WHAT IS NEEDED: Set out exactly, line by line, the stretch of data below that begins at the line containing "(sqrt ((Cmod w" and ends at the line containing "let w : C := (y, 2 * delta) in", with both ends kept.

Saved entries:
Theorem proposition1p3 (R : realType) (k n : nat) (G : 'M['F_2]_(k, n)) (p : R) :
  0 <= p -> p <= 1 ->
  let t := log2 (1 + p) in
  log2 (Erand p (fun S => 2%:R ^+ (#|S| - rkC G S)))
    <= Erand t (fun T => (#|T| - rkC G T)%:R)
  /\ ((exists K : {set 'I_n}, is_subcube G K) ->
      log2 (Erand p (fun S => 2%:R ^+ (#|S| - rkC G S)))
        = Erand t (fun T => (#|T| - rkC G T)%:R)).
Proof.
move=> p_ge0 p_le1 t; rewrite !Erand_Esub; split.
  exact: (Esub_log2_le (g := nullity G) p_ge0 p_le1 (@nullity_step _ _ G)).
case=> K subcubeK.
apply: (Esub_log2_eq (g := nullity G) p_ge0 p_le1
  (subcube_nullity_step subcubeK)).
by rewrite disjoints_subset sub0set.
Qed.
(* Let $N>1$ be an integer and let $C_1,C_2>0$. For $0<y\le 1$, coprime integers $p,q$ with $q\ge1$ and $0<p/q\le 1$, and real $\delta$, define \[ T_y=\frac{1}{q\,(y+2i\delta)^{1/2}}\sum_{m=-\infty}^{\infty} S\!\left(\frac{p}{q},\frac{m}{q}\right)\exp\!\left(-\frac{\pi}{y+2i\delta}\Big(\frac{m}{q}-\frac{1}{N}\Big)^2\right), \qquad S\!\left(\frac{p}{q},t\right)=\sum_{\ell=1}^{q}e^{2\pi i\left(\frac{p}{q}\ell^2+t\ell\right)}. \] Then there is a constant $C$ (independent of $y,p,q,\delta$) such that whenever $q\le C_1 y^{-1/2}$ and $q|\delta|\le C_2 y^{1/2}$ (so that $x=p/q+\delta$ is close to $p/q$): if $N\mid q$, then \[ \left|T_y-S\!\left(\frac{p}{q},\frac{1}{N}\right)\frac{1}{q\,(y+2i\delta)^{1/2}}\right|\le C\,y^{-1/4}; \] and if $N\nmid q$, then $|T_y|\le C\,y^{-1/4}$.
   Context: $(y+2i\delta)^{1/2}$ denotes the principal branch of the square root (the argument $y+2i\delta$ lies in the right half-plane). *)

From Stdlib Require Import Reals Lra ZArith.
From Coquelicot Require Import Coquelicot.
Open Scope R_scope.

Definition cexp (z : C) : C :=
  (exp (fst z) * cos (snd z), exp (fst z) * sin (snd z)).

Definition csqrt (w : C) : C :=
  (sqrt ((Cmod w + fst w) / 2),
   (if Rle_dec 0 (snd w) then 1 else -1) * sqrt ((Cmod w - fst w) / 2)).

Fixpoint csum1 (n : nat) (f : nat -> C) : C :=
  match n with
  | O => RtoC 0
  | S k => Cplus (csum1 k f) (f (S k))
  end.

Definition gaussS (q : nat) (a t : R) : C :=
  csum1 q (fun l => cexp (0, 2 * PI * (a * INR l ^ 2 + t * INR l))).

Definition is_zseries (f : Z -> C) (l : C) : Prop :=
  exists a b : C,
    is_series (fun n : nat => f (Z.of_nat n)) a /\
    is_series (fun n : nat => f (- Z.of_nat (S n))%Z) b /\
    l = Cplus a b.

Definition Tterm (N : nat) (y : R) (p q : Z) (delta : R) (m : Z) : C :=
  let w : C := (y, 2 * delta) in
  let u : R := IZR m / IZR q - 1 / INR N in
  Cmult (gaussS (Z.to_nat q) (IZR p / IZR q) (IZR m / IZR q))
        (cexp (Cmult (RtoC (- PI * u ^ 2)) (Cinv w))).

Definition Tpref (y : R) (q : Z) (delta : R) : C :=
  Cinv (Cmult (RtoC (IZR q)) (csqrt (y, 2 * delta))).

(* Each summand has modulus |S(p/q, m/q)| exp(-PI A (mN - q)^2) with
   A = y / (|y + 2 i delta|^2 q^2 N^2).  For p coprime to q the Gauss sum has modulus at most
   sqrt(2q): |S|^2 is a sum over shifts h of complete sums of cos over an arithmetic
   progression, and these vanish unless 2ph = 0 mod q, i.e. h = 0 or h = q/2.  The hypotheses
   q <= C1 y^(-1/2) and q |delta| <= C2 y^(1/2) give A >= 1/((C1^2 + 4 C2^2) N^2), so away from
   the center m = q/N the summands decay geometrically at a rate independent of y, p, q, delta,
   and the series minus its central term (which is S(p/q, 1/N) when mN = q, i.e. when N | q) is
   O(sqrt q exp(-PI A/2)).  The prefactor 1/(q |y + 2 i delta|^(1/2)) turns this into
   O(y^(-1/4)) because sqrt A exp(-PI A) <= 1. *)

From Stdlib Require Import Reals ZArith Znumtheory Lra Lia.
From Coquelicot Require Import Coquelicot.
Open Scope R_scope.

(** * Finite sums *)

Fixpoint rsum (n : nat) (f : nat -> R) : R :=
  match n with O => 0 | S k => rsum k f + f k end.

Lemma rsum_ext (n : nat) (f g : nat -> R) :
  (forall i, (i < n)%nat -> f i = g i) -> rsum n f = rsum n g.
Proof.
  induction n as [|n IH]; intros Hfg; simpl; [reflexivity|].
  f_equal; [apply IH; intros|]; apply Hfg; lia.
Qed.

Lemma rsum_plus (n : nat) (f g : nat -> R) : rsum n (fun i => f i + g i) = rsum n f + rsum n g.
Proof. induction n as [|n IH]; simpl; [lra|rewrite IH; ring]. Qed.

WRITTEN RESPONSE:
  (sqrt ((Cmod w + fst w) / 2),
   (if Rle_dec 0 (snd w) then 1 else -1) * sqrt ((Cmod w - fst w) / 2)).

Fixpoint csum1 (n : nat) (f : nat -> C) : C :=
  match n with
  | O => RtoC 0
  | S k => Cplus (csum1 k f) (f (S k))
  end.

Definition gaussS (q : nat) (a t : R) : C :=
  csum1 q (fun l => cexp (0, 2 * PI * (a * INR l ^ 2 + t * INR l))).

Definition is_zseries (f : Z -> C) (l : C) : Prop :=
  exists a b : C,
    is_series (fun n : nat => f (Z.of_nat n)) a /\
    is_series (fun n : nat => f (- Z.of_nat (S n))%Z) b /\
    l = Cplus a b.

Definition Tterm (N : nat) (y : R) (p q : Z) (delta : R) (m : Z) : C :=
  let w : C := (y, 2 * delta) in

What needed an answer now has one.